---- Given information

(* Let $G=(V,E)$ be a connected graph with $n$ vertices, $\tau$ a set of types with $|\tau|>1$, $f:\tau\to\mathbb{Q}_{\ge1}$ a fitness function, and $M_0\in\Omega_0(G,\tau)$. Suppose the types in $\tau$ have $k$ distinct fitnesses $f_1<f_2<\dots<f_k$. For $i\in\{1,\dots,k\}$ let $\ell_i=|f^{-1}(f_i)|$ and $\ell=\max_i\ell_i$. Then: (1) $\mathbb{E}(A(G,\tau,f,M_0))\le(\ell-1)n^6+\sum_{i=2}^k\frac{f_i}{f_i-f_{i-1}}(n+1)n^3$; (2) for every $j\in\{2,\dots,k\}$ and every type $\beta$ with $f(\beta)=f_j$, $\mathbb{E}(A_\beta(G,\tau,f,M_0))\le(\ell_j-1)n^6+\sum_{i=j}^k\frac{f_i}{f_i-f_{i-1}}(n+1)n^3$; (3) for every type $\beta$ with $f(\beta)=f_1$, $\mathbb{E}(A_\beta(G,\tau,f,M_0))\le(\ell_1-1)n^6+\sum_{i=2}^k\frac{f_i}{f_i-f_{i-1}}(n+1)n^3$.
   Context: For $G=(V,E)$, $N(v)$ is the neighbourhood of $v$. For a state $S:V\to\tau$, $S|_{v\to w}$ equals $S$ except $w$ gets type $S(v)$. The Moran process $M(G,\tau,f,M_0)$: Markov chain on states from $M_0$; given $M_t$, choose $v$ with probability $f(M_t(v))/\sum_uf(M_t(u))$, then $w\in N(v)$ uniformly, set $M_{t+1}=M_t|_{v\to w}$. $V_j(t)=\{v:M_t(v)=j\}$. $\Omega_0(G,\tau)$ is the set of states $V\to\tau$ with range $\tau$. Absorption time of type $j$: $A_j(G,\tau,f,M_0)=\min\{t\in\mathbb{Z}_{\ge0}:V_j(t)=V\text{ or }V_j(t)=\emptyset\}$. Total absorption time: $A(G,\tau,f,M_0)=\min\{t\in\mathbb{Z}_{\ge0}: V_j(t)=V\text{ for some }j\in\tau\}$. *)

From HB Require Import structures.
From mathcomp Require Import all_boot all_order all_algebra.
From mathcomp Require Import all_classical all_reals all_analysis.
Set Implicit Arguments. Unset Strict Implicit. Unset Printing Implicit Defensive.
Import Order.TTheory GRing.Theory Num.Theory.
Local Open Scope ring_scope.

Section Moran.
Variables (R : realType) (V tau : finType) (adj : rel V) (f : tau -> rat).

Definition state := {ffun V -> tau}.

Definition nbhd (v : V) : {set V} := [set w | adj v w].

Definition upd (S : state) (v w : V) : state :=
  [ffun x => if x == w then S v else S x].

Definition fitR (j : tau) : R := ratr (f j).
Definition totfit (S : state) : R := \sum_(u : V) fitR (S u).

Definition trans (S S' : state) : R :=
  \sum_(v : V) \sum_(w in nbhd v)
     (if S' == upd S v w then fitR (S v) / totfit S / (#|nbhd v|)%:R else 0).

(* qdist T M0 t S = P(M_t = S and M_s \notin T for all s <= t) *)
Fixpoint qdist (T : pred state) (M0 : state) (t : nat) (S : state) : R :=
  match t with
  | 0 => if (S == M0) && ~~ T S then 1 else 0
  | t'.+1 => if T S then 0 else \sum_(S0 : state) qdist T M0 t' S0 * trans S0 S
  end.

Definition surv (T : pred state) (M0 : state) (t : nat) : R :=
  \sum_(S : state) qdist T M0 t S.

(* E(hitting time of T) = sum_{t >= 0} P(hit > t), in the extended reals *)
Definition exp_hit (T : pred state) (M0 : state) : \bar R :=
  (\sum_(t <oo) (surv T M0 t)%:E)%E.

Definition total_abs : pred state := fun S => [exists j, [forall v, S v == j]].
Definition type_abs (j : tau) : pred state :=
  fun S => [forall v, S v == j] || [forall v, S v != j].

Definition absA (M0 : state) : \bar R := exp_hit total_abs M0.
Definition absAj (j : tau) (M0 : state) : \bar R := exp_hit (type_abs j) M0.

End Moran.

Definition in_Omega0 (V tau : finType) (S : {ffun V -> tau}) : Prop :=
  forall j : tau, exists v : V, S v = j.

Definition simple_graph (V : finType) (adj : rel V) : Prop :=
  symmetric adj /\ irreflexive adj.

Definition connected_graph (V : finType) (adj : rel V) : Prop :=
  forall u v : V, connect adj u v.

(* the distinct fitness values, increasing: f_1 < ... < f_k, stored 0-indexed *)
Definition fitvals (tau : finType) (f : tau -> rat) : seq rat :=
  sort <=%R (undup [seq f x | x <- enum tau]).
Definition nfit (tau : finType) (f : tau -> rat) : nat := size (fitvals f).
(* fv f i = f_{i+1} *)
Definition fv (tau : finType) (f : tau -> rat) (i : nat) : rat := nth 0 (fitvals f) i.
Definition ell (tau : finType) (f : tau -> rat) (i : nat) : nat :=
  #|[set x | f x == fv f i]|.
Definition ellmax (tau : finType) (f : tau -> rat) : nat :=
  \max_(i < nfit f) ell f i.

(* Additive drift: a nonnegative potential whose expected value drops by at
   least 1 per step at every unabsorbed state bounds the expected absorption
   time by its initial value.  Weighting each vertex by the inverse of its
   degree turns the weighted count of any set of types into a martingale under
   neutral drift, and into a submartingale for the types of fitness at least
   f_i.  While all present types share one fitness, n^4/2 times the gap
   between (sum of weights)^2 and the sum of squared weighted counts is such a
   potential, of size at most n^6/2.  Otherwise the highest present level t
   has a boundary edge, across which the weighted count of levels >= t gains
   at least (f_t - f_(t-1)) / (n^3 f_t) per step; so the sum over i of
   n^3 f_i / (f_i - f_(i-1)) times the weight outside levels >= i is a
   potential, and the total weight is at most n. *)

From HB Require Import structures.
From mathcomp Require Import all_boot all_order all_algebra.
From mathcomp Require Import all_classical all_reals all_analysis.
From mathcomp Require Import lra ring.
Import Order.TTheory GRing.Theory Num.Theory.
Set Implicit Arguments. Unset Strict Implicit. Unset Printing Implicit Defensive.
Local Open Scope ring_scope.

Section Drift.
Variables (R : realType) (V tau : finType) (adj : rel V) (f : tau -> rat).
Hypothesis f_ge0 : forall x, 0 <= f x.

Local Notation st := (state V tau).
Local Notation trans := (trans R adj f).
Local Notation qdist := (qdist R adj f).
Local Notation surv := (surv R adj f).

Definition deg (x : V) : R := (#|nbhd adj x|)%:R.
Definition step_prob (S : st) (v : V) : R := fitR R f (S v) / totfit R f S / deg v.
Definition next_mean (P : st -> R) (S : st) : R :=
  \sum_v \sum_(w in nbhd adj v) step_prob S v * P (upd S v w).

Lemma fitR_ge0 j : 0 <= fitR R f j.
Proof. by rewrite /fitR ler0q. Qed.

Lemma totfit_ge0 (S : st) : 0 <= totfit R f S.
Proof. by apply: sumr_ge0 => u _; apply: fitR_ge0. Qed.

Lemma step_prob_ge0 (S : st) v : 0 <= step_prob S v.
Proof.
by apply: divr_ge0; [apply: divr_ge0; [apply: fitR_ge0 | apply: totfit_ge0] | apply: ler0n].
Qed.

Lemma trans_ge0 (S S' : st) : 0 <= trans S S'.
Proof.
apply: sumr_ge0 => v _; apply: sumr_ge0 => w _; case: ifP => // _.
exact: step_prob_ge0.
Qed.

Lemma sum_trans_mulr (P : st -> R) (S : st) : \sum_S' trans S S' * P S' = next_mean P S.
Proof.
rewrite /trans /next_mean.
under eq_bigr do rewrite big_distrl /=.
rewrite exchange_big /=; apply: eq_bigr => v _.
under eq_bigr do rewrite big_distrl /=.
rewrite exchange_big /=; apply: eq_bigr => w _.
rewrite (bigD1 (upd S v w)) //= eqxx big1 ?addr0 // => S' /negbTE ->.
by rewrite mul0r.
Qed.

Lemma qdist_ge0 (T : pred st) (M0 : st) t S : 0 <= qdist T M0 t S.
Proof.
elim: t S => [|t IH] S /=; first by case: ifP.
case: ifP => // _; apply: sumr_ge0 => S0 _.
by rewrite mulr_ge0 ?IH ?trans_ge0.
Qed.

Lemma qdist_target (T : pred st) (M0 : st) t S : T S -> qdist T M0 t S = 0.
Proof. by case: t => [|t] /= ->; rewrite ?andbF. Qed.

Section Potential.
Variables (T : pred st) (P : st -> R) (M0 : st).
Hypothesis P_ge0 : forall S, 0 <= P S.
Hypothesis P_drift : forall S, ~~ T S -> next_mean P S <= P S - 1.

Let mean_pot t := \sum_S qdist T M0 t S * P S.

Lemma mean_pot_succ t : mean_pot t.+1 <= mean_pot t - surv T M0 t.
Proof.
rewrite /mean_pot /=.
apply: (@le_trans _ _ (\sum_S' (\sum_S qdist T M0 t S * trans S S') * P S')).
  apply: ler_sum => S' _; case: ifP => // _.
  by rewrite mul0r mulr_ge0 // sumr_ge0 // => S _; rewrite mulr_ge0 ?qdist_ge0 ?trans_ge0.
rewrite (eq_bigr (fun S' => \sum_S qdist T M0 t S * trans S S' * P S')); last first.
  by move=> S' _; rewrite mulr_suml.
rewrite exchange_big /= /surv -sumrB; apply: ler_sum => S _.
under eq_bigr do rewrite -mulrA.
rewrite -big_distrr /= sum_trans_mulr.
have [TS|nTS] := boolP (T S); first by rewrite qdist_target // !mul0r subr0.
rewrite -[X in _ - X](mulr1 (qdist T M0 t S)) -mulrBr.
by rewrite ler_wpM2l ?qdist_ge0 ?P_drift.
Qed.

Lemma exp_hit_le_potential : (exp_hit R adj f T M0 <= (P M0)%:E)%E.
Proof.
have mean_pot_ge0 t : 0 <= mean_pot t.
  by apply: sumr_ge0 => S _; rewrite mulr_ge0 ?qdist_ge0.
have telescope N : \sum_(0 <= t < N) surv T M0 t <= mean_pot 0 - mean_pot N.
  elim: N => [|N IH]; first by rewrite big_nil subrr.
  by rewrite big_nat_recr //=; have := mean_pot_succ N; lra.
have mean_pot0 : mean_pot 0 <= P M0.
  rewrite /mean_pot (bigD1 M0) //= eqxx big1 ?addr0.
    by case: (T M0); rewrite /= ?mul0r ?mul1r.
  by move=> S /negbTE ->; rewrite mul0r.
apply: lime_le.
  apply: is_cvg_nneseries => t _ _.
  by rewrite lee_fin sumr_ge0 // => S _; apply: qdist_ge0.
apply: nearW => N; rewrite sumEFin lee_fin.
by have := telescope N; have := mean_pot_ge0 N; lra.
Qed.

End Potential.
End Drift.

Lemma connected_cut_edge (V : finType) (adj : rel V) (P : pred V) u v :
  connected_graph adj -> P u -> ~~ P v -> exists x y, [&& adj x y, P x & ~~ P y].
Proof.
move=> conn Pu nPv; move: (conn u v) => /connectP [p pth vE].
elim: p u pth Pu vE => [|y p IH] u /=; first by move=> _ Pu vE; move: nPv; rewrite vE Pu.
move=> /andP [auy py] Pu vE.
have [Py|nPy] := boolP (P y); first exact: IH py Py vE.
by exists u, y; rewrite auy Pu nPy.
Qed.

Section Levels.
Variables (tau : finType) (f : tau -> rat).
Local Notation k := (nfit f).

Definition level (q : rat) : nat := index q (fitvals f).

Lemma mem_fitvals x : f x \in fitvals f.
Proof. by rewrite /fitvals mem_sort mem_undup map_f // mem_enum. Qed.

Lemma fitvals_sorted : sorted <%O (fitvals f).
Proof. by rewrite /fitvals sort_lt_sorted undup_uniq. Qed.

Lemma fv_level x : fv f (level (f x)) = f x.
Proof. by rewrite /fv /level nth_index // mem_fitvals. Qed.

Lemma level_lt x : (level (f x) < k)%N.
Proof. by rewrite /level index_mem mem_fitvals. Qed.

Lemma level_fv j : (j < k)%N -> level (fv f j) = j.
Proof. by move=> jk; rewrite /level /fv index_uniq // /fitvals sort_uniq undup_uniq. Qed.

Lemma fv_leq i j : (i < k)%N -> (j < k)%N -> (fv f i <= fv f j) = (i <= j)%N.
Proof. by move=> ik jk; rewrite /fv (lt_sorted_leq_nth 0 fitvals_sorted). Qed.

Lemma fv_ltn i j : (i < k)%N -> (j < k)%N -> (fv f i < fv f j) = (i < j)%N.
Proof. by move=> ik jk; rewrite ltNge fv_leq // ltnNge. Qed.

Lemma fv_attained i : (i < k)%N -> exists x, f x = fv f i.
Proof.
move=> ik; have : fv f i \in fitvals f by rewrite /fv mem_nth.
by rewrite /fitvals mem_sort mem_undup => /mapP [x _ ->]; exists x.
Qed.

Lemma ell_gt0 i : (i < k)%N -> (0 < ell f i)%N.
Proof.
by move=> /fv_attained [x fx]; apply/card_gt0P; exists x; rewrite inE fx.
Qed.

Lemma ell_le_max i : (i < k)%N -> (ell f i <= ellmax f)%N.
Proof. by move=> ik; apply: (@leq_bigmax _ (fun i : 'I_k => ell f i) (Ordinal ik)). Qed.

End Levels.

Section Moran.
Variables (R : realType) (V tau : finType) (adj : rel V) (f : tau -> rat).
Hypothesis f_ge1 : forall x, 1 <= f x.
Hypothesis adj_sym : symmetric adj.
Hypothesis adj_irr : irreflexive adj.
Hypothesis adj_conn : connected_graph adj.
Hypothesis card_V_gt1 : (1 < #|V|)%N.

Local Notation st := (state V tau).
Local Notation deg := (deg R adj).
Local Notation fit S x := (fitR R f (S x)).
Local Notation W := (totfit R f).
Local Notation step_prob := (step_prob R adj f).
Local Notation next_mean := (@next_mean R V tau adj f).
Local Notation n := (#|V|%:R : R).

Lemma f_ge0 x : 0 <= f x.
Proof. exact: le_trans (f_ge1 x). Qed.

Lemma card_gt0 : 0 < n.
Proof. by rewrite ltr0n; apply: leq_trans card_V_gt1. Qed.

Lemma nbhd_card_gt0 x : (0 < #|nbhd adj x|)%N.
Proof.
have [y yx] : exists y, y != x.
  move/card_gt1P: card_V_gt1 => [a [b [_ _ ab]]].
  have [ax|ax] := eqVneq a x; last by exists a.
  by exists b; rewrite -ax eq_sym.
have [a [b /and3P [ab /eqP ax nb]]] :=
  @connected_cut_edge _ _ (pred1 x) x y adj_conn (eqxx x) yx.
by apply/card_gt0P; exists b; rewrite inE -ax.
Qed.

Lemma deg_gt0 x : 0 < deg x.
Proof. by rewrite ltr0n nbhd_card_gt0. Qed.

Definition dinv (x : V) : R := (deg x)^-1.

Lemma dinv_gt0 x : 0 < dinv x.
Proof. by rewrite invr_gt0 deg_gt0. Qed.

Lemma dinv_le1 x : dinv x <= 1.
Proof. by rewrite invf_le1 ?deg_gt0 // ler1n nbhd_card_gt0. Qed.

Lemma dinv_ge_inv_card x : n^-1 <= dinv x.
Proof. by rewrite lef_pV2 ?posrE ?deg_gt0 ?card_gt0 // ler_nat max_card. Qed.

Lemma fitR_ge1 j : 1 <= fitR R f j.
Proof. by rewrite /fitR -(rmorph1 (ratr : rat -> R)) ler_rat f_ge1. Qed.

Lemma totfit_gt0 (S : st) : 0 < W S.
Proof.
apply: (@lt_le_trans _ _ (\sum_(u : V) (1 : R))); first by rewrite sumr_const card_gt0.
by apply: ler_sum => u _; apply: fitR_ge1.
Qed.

--------
---- Given information

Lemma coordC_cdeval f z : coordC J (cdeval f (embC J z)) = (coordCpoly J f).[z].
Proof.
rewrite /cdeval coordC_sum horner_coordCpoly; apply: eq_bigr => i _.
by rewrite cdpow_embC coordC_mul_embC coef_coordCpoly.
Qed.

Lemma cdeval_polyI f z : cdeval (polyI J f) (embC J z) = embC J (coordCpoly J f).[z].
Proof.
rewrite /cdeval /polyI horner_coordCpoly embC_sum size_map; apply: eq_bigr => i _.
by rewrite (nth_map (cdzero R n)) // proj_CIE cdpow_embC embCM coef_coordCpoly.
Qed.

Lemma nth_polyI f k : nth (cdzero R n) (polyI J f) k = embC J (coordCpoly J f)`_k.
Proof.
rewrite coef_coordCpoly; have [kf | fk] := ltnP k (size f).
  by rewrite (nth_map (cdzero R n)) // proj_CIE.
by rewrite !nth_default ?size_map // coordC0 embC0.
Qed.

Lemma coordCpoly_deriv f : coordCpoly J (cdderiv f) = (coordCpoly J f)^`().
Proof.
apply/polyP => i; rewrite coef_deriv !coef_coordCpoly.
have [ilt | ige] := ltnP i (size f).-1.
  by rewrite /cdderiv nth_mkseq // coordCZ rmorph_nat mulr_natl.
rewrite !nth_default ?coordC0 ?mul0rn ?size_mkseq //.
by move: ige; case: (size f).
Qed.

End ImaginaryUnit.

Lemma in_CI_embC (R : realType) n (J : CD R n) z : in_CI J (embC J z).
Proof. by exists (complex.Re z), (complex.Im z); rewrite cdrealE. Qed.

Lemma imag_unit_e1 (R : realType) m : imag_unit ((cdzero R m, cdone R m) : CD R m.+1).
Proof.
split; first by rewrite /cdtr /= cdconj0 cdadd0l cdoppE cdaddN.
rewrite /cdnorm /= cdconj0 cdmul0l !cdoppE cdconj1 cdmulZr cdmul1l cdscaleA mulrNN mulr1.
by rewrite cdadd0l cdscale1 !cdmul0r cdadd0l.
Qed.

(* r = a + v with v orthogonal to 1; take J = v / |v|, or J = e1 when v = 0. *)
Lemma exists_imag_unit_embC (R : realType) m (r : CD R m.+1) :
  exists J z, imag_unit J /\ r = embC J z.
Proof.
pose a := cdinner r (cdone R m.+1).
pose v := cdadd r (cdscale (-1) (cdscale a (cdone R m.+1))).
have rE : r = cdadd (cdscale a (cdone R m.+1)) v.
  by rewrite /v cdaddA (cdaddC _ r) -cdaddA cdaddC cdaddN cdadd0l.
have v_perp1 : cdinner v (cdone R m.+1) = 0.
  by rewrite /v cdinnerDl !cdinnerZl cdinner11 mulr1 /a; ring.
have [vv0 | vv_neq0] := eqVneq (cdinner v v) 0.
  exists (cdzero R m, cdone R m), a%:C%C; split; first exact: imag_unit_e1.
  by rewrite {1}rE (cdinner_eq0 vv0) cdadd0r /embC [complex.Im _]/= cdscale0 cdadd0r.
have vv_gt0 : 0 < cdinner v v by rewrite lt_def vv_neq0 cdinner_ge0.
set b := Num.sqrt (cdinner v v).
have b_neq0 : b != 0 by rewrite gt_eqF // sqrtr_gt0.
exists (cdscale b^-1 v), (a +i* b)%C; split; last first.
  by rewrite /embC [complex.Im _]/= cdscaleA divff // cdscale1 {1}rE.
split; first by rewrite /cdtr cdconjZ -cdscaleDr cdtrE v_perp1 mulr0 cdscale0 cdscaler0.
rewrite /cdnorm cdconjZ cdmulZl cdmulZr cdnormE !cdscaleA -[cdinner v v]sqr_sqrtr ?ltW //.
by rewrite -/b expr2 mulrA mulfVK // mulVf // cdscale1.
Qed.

--------
---- Given information

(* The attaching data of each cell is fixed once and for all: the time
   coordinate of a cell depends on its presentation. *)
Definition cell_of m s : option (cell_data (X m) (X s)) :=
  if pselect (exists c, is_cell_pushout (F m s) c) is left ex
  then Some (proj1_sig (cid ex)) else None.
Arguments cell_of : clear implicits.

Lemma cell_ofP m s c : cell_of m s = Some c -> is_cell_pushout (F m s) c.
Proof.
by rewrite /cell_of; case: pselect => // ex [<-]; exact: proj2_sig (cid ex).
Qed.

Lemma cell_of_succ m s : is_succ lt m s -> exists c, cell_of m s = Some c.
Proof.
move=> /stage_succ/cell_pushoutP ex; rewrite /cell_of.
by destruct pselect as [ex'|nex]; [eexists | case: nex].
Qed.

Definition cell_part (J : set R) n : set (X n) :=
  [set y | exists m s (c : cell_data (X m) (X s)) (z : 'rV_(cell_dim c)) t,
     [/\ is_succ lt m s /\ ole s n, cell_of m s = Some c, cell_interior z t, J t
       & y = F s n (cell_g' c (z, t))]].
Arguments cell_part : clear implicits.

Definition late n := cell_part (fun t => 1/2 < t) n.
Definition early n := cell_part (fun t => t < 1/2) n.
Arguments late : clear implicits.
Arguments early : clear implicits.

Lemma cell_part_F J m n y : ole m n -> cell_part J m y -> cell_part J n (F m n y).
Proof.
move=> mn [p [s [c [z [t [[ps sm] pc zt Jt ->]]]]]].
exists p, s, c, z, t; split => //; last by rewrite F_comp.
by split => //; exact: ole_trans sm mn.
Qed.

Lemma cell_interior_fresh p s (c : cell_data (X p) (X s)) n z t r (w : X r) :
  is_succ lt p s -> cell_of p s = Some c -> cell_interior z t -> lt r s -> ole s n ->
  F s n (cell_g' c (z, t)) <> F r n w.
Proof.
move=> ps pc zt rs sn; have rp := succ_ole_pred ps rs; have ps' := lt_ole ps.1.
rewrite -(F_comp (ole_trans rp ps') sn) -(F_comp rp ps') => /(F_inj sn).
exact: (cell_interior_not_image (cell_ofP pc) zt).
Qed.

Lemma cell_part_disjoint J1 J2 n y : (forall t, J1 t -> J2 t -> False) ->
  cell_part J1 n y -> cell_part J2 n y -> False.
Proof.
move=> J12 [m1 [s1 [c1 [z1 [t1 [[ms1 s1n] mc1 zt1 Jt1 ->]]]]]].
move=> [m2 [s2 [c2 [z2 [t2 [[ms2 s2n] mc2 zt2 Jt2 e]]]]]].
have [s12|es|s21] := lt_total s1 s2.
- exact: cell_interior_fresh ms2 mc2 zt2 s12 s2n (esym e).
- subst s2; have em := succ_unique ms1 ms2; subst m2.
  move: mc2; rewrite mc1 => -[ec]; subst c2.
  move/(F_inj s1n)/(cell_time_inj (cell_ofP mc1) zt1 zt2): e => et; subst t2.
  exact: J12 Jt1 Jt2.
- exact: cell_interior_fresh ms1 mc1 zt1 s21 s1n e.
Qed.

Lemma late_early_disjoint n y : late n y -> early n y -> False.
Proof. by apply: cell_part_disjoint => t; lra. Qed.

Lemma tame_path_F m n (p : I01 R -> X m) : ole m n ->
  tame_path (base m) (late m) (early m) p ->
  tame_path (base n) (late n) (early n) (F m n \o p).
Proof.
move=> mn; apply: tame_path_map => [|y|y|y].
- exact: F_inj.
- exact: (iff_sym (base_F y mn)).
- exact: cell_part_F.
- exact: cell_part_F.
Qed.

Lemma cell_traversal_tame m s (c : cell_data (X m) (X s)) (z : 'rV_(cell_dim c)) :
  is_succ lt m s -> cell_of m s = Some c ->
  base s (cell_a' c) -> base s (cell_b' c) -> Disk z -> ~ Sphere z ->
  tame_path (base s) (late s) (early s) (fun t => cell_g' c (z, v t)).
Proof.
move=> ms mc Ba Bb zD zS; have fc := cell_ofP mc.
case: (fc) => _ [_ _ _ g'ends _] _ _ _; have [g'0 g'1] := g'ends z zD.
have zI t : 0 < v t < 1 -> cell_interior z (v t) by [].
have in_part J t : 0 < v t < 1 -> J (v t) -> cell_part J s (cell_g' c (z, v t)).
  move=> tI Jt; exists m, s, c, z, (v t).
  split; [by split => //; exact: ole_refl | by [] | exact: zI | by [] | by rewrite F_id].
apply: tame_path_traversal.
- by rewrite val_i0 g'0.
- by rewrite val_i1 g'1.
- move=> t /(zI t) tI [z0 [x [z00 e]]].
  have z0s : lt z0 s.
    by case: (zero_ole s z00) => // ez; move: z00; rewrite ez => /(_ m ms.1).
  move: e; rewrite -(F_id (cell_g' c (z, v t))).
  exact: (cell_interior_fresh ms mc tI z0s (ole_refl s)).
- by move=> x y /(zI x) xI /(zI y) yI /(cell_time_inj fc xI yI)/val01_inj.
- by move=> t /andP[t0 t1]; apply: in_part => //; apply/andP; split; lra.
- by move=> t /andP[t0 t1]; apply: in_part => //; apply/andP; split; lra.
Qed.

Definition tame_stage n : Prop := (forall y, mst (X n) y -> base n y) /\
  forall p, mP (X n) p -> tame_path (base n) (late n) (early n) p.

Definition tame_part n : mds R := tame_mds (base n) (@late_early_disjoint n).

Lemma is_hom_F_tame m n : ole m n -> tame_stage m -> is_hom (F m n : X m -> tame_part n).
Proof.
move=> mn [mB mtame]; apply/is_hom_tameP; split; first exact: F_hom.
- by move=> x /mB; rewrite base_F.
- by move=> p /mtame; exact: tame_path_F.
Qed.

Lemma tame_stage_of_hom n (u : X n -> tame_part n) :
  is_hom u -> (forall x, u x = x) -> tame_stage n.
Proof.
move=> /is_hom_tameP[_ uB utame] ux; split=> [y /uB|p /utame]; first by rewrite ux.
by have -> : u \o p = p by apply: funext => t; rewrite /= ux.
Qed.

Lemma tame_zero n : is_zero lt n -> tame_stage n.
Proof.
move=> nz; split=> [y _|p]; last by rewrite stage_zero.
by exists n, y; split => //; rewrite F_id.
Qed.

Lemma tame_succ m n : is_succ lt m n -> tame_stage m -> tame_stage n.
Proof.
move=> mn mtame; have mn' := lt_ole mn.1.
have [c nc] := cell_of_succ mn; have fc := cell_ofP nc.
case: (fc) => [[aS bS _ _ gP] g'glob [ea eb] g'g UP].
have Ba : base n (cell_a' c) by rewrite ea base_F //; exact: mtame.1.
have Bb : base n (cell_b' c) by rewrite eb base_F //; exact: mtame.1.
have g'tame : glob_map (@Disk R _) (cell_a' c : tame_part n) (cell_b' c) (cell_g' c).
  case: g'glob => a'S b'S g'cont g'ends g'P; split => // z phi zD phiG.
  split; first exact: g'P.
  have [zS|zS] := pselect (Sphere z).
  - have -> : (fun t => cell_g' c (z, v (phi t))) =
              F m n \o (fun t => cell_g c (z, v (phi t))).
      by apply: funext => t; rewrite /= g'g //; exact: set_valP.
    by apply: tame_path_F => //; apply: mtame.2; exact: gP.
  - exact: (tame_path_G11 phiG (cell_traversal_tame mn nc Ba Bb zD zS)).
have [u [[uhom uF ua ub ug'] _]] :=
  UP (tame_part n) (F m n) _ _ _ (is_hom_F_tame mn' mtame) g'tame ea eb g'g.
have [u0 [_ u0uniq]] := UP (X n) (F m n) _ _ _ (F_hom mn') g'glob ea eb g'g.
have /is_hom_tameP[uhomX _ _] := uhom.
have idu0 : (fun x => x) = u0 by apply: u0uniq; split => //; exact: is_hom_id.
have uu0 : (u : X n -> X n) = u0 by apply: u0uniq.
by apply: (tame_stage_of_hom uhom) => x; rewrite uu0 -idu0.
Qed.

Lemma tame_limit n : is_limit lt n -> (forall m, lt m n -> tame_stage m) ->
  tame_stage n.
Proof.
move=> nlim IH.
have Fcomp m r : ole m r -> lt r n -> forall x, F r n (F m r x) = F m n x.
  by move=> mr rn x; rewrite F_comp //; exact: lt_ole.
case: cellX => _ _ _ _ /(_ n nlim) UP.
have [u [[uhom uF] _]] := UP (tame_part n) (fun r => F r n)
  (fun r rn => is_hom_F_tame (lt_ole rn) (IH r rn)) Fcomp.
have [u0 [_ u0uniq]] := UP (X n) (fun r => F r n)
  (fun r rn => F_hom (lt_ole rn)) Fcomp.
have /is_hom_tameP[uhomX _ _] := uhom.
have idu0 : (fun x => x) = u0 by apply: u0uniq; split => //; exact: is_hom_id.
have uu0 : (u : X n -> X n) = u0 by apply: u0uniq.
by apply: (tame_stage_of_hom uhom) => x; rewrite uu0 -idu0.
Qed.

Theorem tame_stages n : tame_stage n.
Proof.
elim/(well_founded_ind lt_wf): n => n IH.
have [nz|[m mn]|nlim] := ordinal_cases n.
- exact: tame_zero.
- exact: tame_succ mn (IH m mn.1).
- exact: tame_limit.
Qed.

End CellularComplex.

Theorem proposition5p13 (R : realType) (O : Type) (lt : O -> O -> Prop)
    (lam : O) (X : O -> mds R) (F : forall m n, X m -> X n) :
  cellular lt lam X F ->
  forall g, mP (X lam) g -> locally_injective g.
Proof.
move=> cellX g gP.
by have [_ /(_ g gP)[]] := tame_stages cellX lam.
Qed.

--------

(Exercise aim): Given the records above, reproduce precisely and only the lines between the line holding "S0 * trans S0 S" and the line holding "(* Additive drift: a", inclusive.

(Result of this exercise):
  | t'.+1 => if T S then 0 else \sum_(S0 : state) qdist T M0 t' S0 * trans S0 S
  end.

Definition surv (T : pred state) (M0 : state) (t : nat) : R :=
  \sum_(S : state) qdist T M0 t S.

(* E(hitting time of T) = sum_{t >= 0} P(hit > t), in the extended reals *)
Definition exp_hit (T : pred state) (M0 : state) : \bar R :=
  (\sum_(t <oo) (surv T M0 t)%:E)%E.

Definition total_abs : pred state := fun S => [exists j, [forall v, S v == j]].
Definition type_abs (j : tau) : pred state :=
  fun S => [forall v, S v == j] || [forall v, S v != j].

Definition absA (M0 : state) : \bar R := exp_hit total_abs M0.
Definition absAj (j : tau) (M0 : state) : \bar R := exp_hit (type_abs j) M0.

End Moran.

Definition in_Omega0 (V tau : finType) (S : {ffun V -> tau}) : Prop :=
  forall j : tau, exists v : V, S v = j.

Definition simple_graph (V : finType) (adj : rel V) : Prop :=
  symmetric adj /\ irreflexive adj.

Definition connected_graph (V : finType) (adj : rel V) : Prop :=
  forall u v : V, connect adj u v.

(* the distinct fitness values, increasing: f_1 < ... < f_k, stored 0-indexed *)
Definition fitvals (tau : finType) (f : tau -> rat) : seq rat :=
  sort <=%R (undup [seq f x | x <- enum tau]).
Definition nfit (tau : finType) (f : tau -> rat) : nat := size (fitvals f).
(* fv f i = f_{i+1} *)
Definition fv (tau : finType) (f : tau -> rat) (i : nat) : rat := nth 0 (fitvals f) i.
Definition ell (tau : finType) (f : tau -> rat) (i : nat) : nat :=
  #|[set x | f x == fv f i]|.
Definition ellmax (tau : finType) (f : tau -> rat) : nat :=
  \max_(i < nfit f) ell f i.

(* Additive drift: a nonnegative potential whose expected value drops by at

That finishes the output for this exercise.